Imagine a film about a returning veteran encountering disdain and unemployment, remembering that he is good with a gun and realising that crime pays very well. Such a film could reflect a painful reality for many Americans today, and would no doubt be controversial, as Breaking Bad was. Yet such films were made in abundance in the 1930s, such as Twentieth Century with James Cagney and Humphrey Bogart.

Or imagine a film about sex workers organising to testify against the gangster that sells their bodies, with one of the women going public on behalf of the others, knowing she will be killed for doing so. That too could be a difficult film to make – but that was 1946’s Marked Woman, with Bette Davis and Humphrey Bogart, and while of course the women’s profession is alluded to discreetly, the story was clear enough.

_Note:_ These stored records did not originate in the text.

(* Let $k\ge 1$ and let $H$ be a connected $k$-regular $k$-edge-colorable graph with no loops or semi-edges (multiple ordinary edges allowed). Let $G$ be a connected simple $k$-regular graph and $u\in V(G)$ a vertex such that for every $x\in V(H)$ and every bijection $E_G(u)\to E_H(x)$ there is a covering projection from $G$ to $H$ mapping $u$ to $x$ and extending that bijection. Let $G_u$ be obtained from $G$ by splitting $u$ into $k$ pendant vertices: each edge $e\in E_G(u)$ is kept, but its end-vertex $u$ is replaced by a new vertex $u_e$ of degree 1. Then: (a) for every $x\in V(H)$ and every bijection $\sigma_x:E_G(u)\to E_H(x)$ there is a partial covering projection from $G_u$ onto $H$ that extends $\sigma_x$ and maps every $u_e$, $e\in E_G(u)$, to $x$; (b) in every partial covering projection from $G_u$ onto $H$, all the pendant vertices $u_e$, $e\in E_G(u)$, are mapped to the same vertex of $H$; (c) in every partial covering projection from $G_u$ onto $H$, the $k$ pendant edges are mapped to pairwise distinct edges of $H$ (incident with the common image of the pendant vertices).
   Context: $E_G(u)$ denotes the set of edges of $G$ incident with $u$. A covering projection between graphs without loops and semi-edges is a map sending vertices to vertices and edges to edges, preserving incidences, such that for every edge $xy$ of the target its preimage is a perfect matching between the preimages of $x$ and $y$. A partial covering projection from $G'$ onto $H$ is a map $f:V(G')\cup E(G')\to V(H)\cup E(H)$ that is surjective on vertices and on edges, sends vertices to vertices and edges to edges, preserves incidences, and such that for every edge $xy$ of $H$ its preimage is a matching (not necessarily perfect) each of whose edges joins a vertex of $f^{-1}(x)$ to a vertex of $f^{-1}(y)$. *)

From mathcomp Require Import all_boot.
Set Implicit Arguments. Unset Strict Implicit. Unset Printing Implicit Defensive.

(* Finite multigraphs: every edge has two end-vertices end1 e, end2 e
   (unordered: the orientation carries no meaning).  Semi-edges are not
   representable; loops are excluded via [loopless]. *)
Record mgraph := MGraph {
  V : finType;
  E : finType;
  end1 : E -> V;
  end2 : E -> V }.

Section Basic.
Variable g : mgraph.

Definition incident (e : E g) (v : V g) : bool := (end1 e == v) || (end2 e == v).

Definition Einc (v : V g) : {set E g} := [set e | incident e v].

Definition loopless : Prop := forall e : E g, end1 e != end2 e.

Definition simple_graph : Prop :=
  loopless /\
  forall e f : E g, [set end1 e; end2 e] = [set end1 f; end2 f] -> e = f.

Definition regular (k : nat) : Prop := forall v : V g, #|Einc v| = k.

Definition adj : rel (V g) := fun x y =>
  [exists e : E g, ((end1 e == x) && (end2 e == y)) || ((end1 e == y) && (end2 e == x))].

Definition connected : Prop := forall x y : V g, connect adj x y.

Definition edge_colorable (k : nat) : Prop :=
  exists c : E g -> 'I_k, forall e f : E g, e != f ->
    (exists v, incident e v && incident f v) -> c e != c f.
End Basic.

Section Maps.
Variables (g h : mgraph) (fV : V g -> V h) (fE : E g -> E h).

Definition preserves_incidence : Prop :=
  forall e : E g,
    (fV (end1 e) = end1 (fE e) /\ fV (end2 e) = end2 (fE e)) \/
    (fV (end1 e) = end2 (fE e) /\ fV (end2 e) = end1 (fE e)).

(* covering projection: the preimage of every edge xy is a perfect matching
   between f^-1(x) and f^-1(y) *)
Definition covering_projection : Prop :=
  preserves_incidence /\
  forall (a : E h) (v : V g), (fV v == end1 a) || (fV v == end2 a) ->
    #|[set e in Einc v | fE e == a]| = 1.

Definition partial_covering_projection : Prop :=
  (forall y : V h, exists v, fV v = y) /\
  (forall a : E h, exists e, fE e = a) /\
  preserves_incidence /\
  forall (a : E h) (v : V g), #|[set e in Einc v | fE e == a]| <= 1.
End Maps.

Definition bij_on (g h : mgraph) (u : V g) (x : V h) (sigma : E g -> E h) : Prop :=
  {in Einc u &, injective sigma} /\ sigma @: Einc u = Einc x.

Section Split.
Variables (g : mgraph) (u : V g).

Definition split_vertex : finType :=
  ({v : V g | v != u} + {e : E g | e \in Einc u})%type.

Lemma split_end1_inc (e : E g) : (end1 e != u) = false -> e \in Einc u.
Proof. by move/negbFE/eqP => <-; rewrite inE /incident eqxx. Qed.

Lemma split_end2_inc (e : E g) : (end2 e != u) = false -> e \in Einc u.
Proof. by move/negbFE/eqP => <-; rewrite inE /incident eqxx orbT. Qed.

Definition split_end1 (e : E g) : split_vertex :=
  (if end1 e != u as b return (end1 e != u) = b -> split_vertex
   then fun H => inl (exist _ (end1 e) H)
   else fun H => inr (exist _ e (split_end1_inc H))) erefl.

Definition split_end2 (e : E g) : split_vertex :=
  (if end2 e != u as b return (end2 e != u) = b -> split_vertex
   then fun H => inl (exist _ (end2 e) H)
   else fun H => inr (exist _ e (split_end2_inc H))) erefl.

Definition split_graph : mgraph :=
  @MGraph split_vertex (E g) split_end1 split_end2.

Definition pendant (p : {e : E g | e \in Einc u}) : V split_graph := inr p.
End Split.

From mathcomp Require Import all_boot zify.
Set Implicit Arguments. Unset Strict Implicit. Unset Printing Implicit Defensive.

(* Fix a proper k-edge-colouring of H.  A vertex of degree k mapped locally
   injectively into H sees every colour exactly once, so counting the ends of
   colour-c edges inside a vertex set S shows that |S| and the number of
   colour-c edges leaving S have the same parity.  Since G covers H, |V G| is
   even; in G_u the |V G| - 1 kept vertices are then an odd number, so every
   colour occurs an odd number of times, hence exactly once, among the k
   pendant edges: this gives (c).
   For (b), let N y count the kept vertices over y.  Counting the preimages of
   an edge from either end shows that N is constant along the edges that are not
   images of pendant edges, and grows by one from x to y along the image xy of a
   pendant edge whose pendant end lies over x.  Taking S = {y | N y < t}, the
   parity statement for the colour of a pendant edge p says that |S| is odd iff
   t = N x_p + 1; hence all N x_p equal some m, and by connectivity N only takes
   the values m and m + 1.  As sum_y N y = |V G| - 1 is one less than a multiple
   of |V H|, exactly one vertex has N y = m, and it is the image of every
   pendant vertex.  Part (a) restricts a covering G -> H that maps u to x. *)


Lemma sum_eqb (T : finType) (P : pred T) (a : T) :
  \sum_(v | P v) (a == v : nat) = P a.
Proof.
case: (boolP (P a)) => Pa.
  rewrite (bigD1 a) //= eqxx big1 // => v /andP[_ /negbTE].
  by rewrite eq_sym => ->.
by rewrite big1 // => v Pv; case: eqP => // av; rewrite av Pv in Pa.
Qed.

Lemma card_set1_pred (T : finType) (a : T) (P : pred T) :
  #|[set x in [set a] | P x]| = P a.
Proof.
case: (boolP (P a)) => Pa.
  rewrite /= -(cards1 a); apply: eq_card => x; rewrite !inE.
  by case: eqP => // ->.
rewrite /= -(cards0 T); apply: eq_card => x; rewrite !inE.
by case: eqP => // ->; rewrite (negbTE Pa).
Qed.

Lemma sum_card_fibres (T U : finType) (f : T -> U) :
  \sum_(y : U) #|[set w | f w == y]| = #|T|.
Proof.
rewrite -sum1_card (partition_big f predT) //=.
by apply: eq_bigr => y _; rewrite -sum1dep_card.
Qed.

Lemma sum_gt0_eq_card1 (I : finType) (q : I -> nat) :
  (forall i, 0 < q i) -> \sum_i q i = #|I| -> forall i, q i = 1.
Proof.
move=> q_gt0 sum_q i; have: \sum_j (q j - 1) == 0.
  rewrite sumnB => [|j _]; last exact: q_gt0.
  by rewrite sum_q sum1_card subnn.
by rewrite sum_nat_eq0 => /forallP /(_ i); have := q_gt0 i; lia.
Qed.

Lemma card_fibre_in_inj (T U : finType) (A : {set T}) (f : T -> U) (y : U) :
  {in A &, injective f} -> #|A| = #|U| -> #|[set x in A | f x == y]| = 1.
Proof.
move=> injf cardA; have: y \in f @: A.
  have /eqP -> : f @: A == setT.
    by rewrite eqEcard subsetT cardsT (card_in_imset injf) cardA /=.
  by rewrite in_setT.
case/imsetP => x Ax ->; apply/eqP/cards1P; exists x; apply/setP => z; rewrite !inE.
by apply/andP/eqP => [[Az /eqP /injf]|->]; [apply | rewrite Ax].
Qed.

Section Handshake.
Variable g : mgraph.
Hypothesis lg : loopless g.

Lemma card_Einc_sum (v : V g) (F : pred (E g)) :
  #|[set e in Einc v | F e]| = \sum_(e | F e) ((end1 e == v) + (end2 e == v)).
Proof.
rewrite -sum1_card big_mkcond [RHS]big_mkcond /=; apply: eq_bigr => e _.
rewrite !inE /incident; case: (F e); rewrite ?andbF //=.
by case: eqP => [<-|_]; case: eqP => //= e12; have := lg e; rewrite e12 eqxx.
Qed.

Lemma sum_card_Einc (P : pred (V g)) (F : pred (E g)) :
  \sum_(v | P v) #|[set e in Einc v | F e]| = \sum_(e | F e) (P (end1 e) + P (end2 e)).
Proof.
under eq_bigr do rewrite card_Einc_sum.
by rewrite exchange_big; apply: eq_bigr => e _; rewrite big_split !sum_eqb.
Qed.

Lemma odd_sum_card_Einc (P : pred (V g)) (F : pred (E g)) :
  odd (\sum_(v | P v) #|[set e in Einc v | F e]|) =
  odd #|[set e | F e & P (end1 e) != P (end2 e)]|.
Proof.
rewrite sum_card_Einc -sum1dep_card big_mkcondr /=.
by elim/big_rec2: _ => // e m n _; rewrite !oddD => ->; case: (P (end1 e)); case: (P (end2 e)).
Qed.

End Handshake.

Definition proper_edge_coloring (h : mgraph) (k : nat) (col : E h -> 'I_k) : Prop :=
  forall e f : E h, e != f -> (exists v, incident e v && incident f v) -> col e != col f.

Definition locally_injective (g h : mgraph) (fE : E g -> E h) : Prop :=
  forall (a : E h) (v : V g), #|[set e in Einc v | fE e == a]| <= 1.

Lemma id_preserves_incidence (h : mgraph) : preserves_incidence (@id (V h)) (@id (E h)).
Proof. by move=> e; left. Qed.

Lemma id_locally_injective (h : mgraph) : locally_injective (@id (E h)).
Proof.
move=> a v; rewrite -(cards1 a).
by apply/subset_leq_card/subsetP => e; rewrite !inE => /andP [_ ->].
Qed.

Section LocallyInjective.
Variables (g h : mgraph) (fV : V g -> V h) (fE : E g -> E h).
Hypotheses (fVE : preserves_incidence fV fE) (fE_li : locally_injective fE).
Variables (k : nat) (col : E h -> 'I_k).
Hypothesis col_proper : proper_edge_coloring col.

Or imagine a film in which an unemployed couple on the verge of homelessness inherits a bit of farmland, but who have no idea how to run a farm – so they find more homeless wandering the roads of America, some of whom know how to farm or can learn, and they bring them to work together. Many Americans today are in this position and could benefit from a movie like this to teach them – and they have one, in 1936’s Our Daily Bread.

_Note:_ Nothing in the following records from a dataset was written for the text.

(* Let $\mathcal{K}$ be a Hilbert space, let $A$ be a closable, densely defined operator in $\mathcal{K}$ with closure $\bar A$ and adjoint $A^*$, and let $A_0$ be an operator in $\mathcal{K}$ with $A_0\subseteq A^*$ (so $A_0$ is closable; $\bar A_0$ denotes its closure). Suppose there exists a sequence $(T_n)_{n=0}^\infty\subseteq\mathbf{B}(\mathcal{K})$ such that $T_n\to I_\mathcal{K}$ in the weak operator topology as $n\to\infty$, $$\mathcal{R}(T_n)\subseteq\mathcal{D}(\bar A),\qquad \mathcal{R}(T_n^* )\subseteq\mathcal{D}(\bar A_0),\qquad n\in\mathbb{N},$$ and $$\sup_{n\in\mathbb{N}}\|\bar AT_n-T_n\bar A\|<+\infty.$$ Then $\bar A_0=A^*$.
   Context: $\mathbf{B}(\mathcal{K})$ denotes the space of all bounded linear operators defined on the whole of $\mathcal{K}$. $\mathcal{D}(S)$ and $\mathcal{R}(S)$ denote the domain and range of an operator $S$. Sums and products of unbounded operators are taken with their natural (maximal) domains, e.g. $\mathcal{D}(\bar AT_n-T_n\bar A)=\{f\in\mathcal{D}(\bar A): T_nf\in\mathcal{D}(\bar A)\}$. For a (not necessarily everywhere defined) operator $S$, $\|S\|=\sup\{\|Sf\|: f\in\mathcal{D}(S),\ \|f\|\le 1\}$. *)

From HB Require Import structures.
From mathcomp Require Import all_boot all_order all_algebra.
From mathcomp Require Import reals.
From mathcomp Require Export complex.
Set Implicit Arguments. Unset Strict Implicit. Unset Printing Implicit Defensive.
Import Order.TTheory GRing.Theory Num.Theory.
Local Open Scope ring_scope.

Section Hilbert.
Variables (R : realType) (V : lmodType R[i]) (ip : V -> V -> R[i]).

Definition cmod (z : R[i]) : R := Num.sqrt (complex.Re z ^+ 2 + complex.Im z ^+ 2).

(* complex inner product, linear in the first argument *)
Definition is_inner_product : Prop :=
  [/\ (forall a x y z, ip (a *: x + y) z = a * ip x z + ip y z),
      (forall x y, ip y x = conjc (ip x y)),
      (forall x, complex.Im (ip x x) = 0 /\ 0 <= complex.Re (ip x x)) &
      (forall x, ip x x = 0 -> x = 0)].

Definition hnorm (x : V) : R := Num.sqrt (complex.Re (ip x x)).

Definition hcvg (u : nat -> V) (l : V) : Prop :=
  forall eps : R, 0 < eps -> exists N, forall n, (N <= n)%N -> hnorm (u n - l) < eps.

Definition hcauchy (u : nat -> V) : Prop :=
  forall eps : R, 0 < eps -> exists N, forall m n, (N <= m)%N -> (N <= n)%N ->
    hnorm (u m - u n) < eps.

Definition hcomplete : Prop := forall u, hcauchy u -> exists l, hcvg u l.

(* a (not necessarily everywhere defined) operator in V: domain + action;
   the action outside the domain is irrelevant *)
Record op := Op { dom : V -> Prop; app : V -> V }.

Definition linear_op (A : op) : Prop :=
  [/\ dom A 0,
      (forall x y, dom A x -> dom A y -> dom A (x + y) /\ app A (x + y) = app A x + app A y) &
      (forall a x, dom A x -> dom A (a *: x) /\ app A (a *: x) = a *: app A x)].

Definition op_sub (A B : op) : Prop :=
  forall x, dom A x -> dom B x /\ app B x = app A x.

Definition op_eq (A B : op) : Prop := op_sub A B /\ op_sub B A.

Definition densely_defined (A : op) : Prop :=
  forall x eps, 0 < eps -> exists y, dom A y /\ hnorm (x - y) < eps.

Definition in_graph_closure (A : op) (x y : V) : Prop :=
  forall eps : R, 0 < eps -> exists u, dom A u /\ hnorm (x - u) < eps /\ hnorm (y - app A u) < eps.

(* B is the closure of A: graph(B) = closure of graph(A); the existence of such
   a B is exactly closability of A *)
Definition is_closure (A B : op) : Prop :=
  forall x y, (dom B x /\ app B x = y) <-> in_graph_closure A x y.

Definition is_adjoint (A B : op) : Prop :=
  forall y z, (dom B y /\ app B y = z) <-> (forall x, dom A x -> ip (app A x) y = ip x z).

Definition bounded_op (T : V -> V) : Prop :=
  [/\ (forall x y, T (x + y) = T x + T y),
      (forall (a : R[i]) x, T (a *: x) = a *: T x) &
      exists M : R, forall x, hnorm (T x) <= M * hnorm x].
End Hilbert.

(* Since A^* is closed and A0 is contained in A^*, so is the closure of A0.
   Conversely, let y be in dom A^*.  Projecting (y, A^* y) onto the closed graph
   of the closure of A0 in K x K gives y0 in its domain such that y1 := y - y0
   satisfies <y1, z> + <A^* y1, A0 z> = 0 for every z in dom (closure A0).
   Take z = T_n^* y1: the first term tends to |y1|^2.  By the commutator bound
   and the uniform boundedness principle the sequence A^* T_n^* y1 is bounded,
   and on the dense set dom (closure A) it converges weakly to A^* y1; so the
   second term tends to |A^* y1|^2.  Hence y1 = 0. *)
From HB Require Import structures.
From mathcomp Require Import all_boot all_order all_algebra.
From mathcomp Require Import reals complex.
From mathcomp Require Import ring lra boolp classical_sets.
Import Order.TTheory GRing.Theory Num.Theory.
Local Open Scope ring_scope.
Local Open Scope complex_scope.

Section ComplexModulus.
Context {R : realType}.
Implicit Types (z w : R[i]) (r : R).

Lemma cmodE z : (cmod z)%:C = `|z|.
Proof. by rewrite normc_def. Qed.

Lemma cmod_ge0 z : 0 <= cmod z.
Proof. by rewrite /cmod sqrtr_ge0. Qed.

Lemma cmodD z w : cmod (z + w) <= cmod z + cmod w.
Proof. by rewrite -lecR rmorphD /= !cmodE ler_normD. Qed.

I wrote a few weeks ago about the Great Forgetting of modern times, how most modern people have abandoned the communities and traditions of our forebears. In the same way, the simple rituals of self-reliance and neighbourliness, democracy and organising, courtship and friendship, have grown scarcer in this age of lonely indulgence, and as our resources grow scarcer we will need these things again. Many movies from that era provide just that, offered in fictional stories that were created to give people a template for people to follow.

It’s not just that such films show common people enduring hardship and injustice, but that they rise above them with determination and kindness, working with their peers and settling their differences like adults. They portrayed the alleged lowest of humanity – criminals, prostitutes and the homeless – as heroes, and the highest – bankers and aristocrats – as capable of the foulest injustices. The heroes don’t always win in the end, but they leave this world having done their duty. That, I think is what people mean by “corny” and “unrealistic” – made in a time when despair was a constant temptation, they are life-affirming, hopeful, and intentionally, unapologetically inspirational.

They set an example for people to follow, and in an era when we interact more with screens than with people, and when few people remember how to work together or build a better society, examples are what we need more of.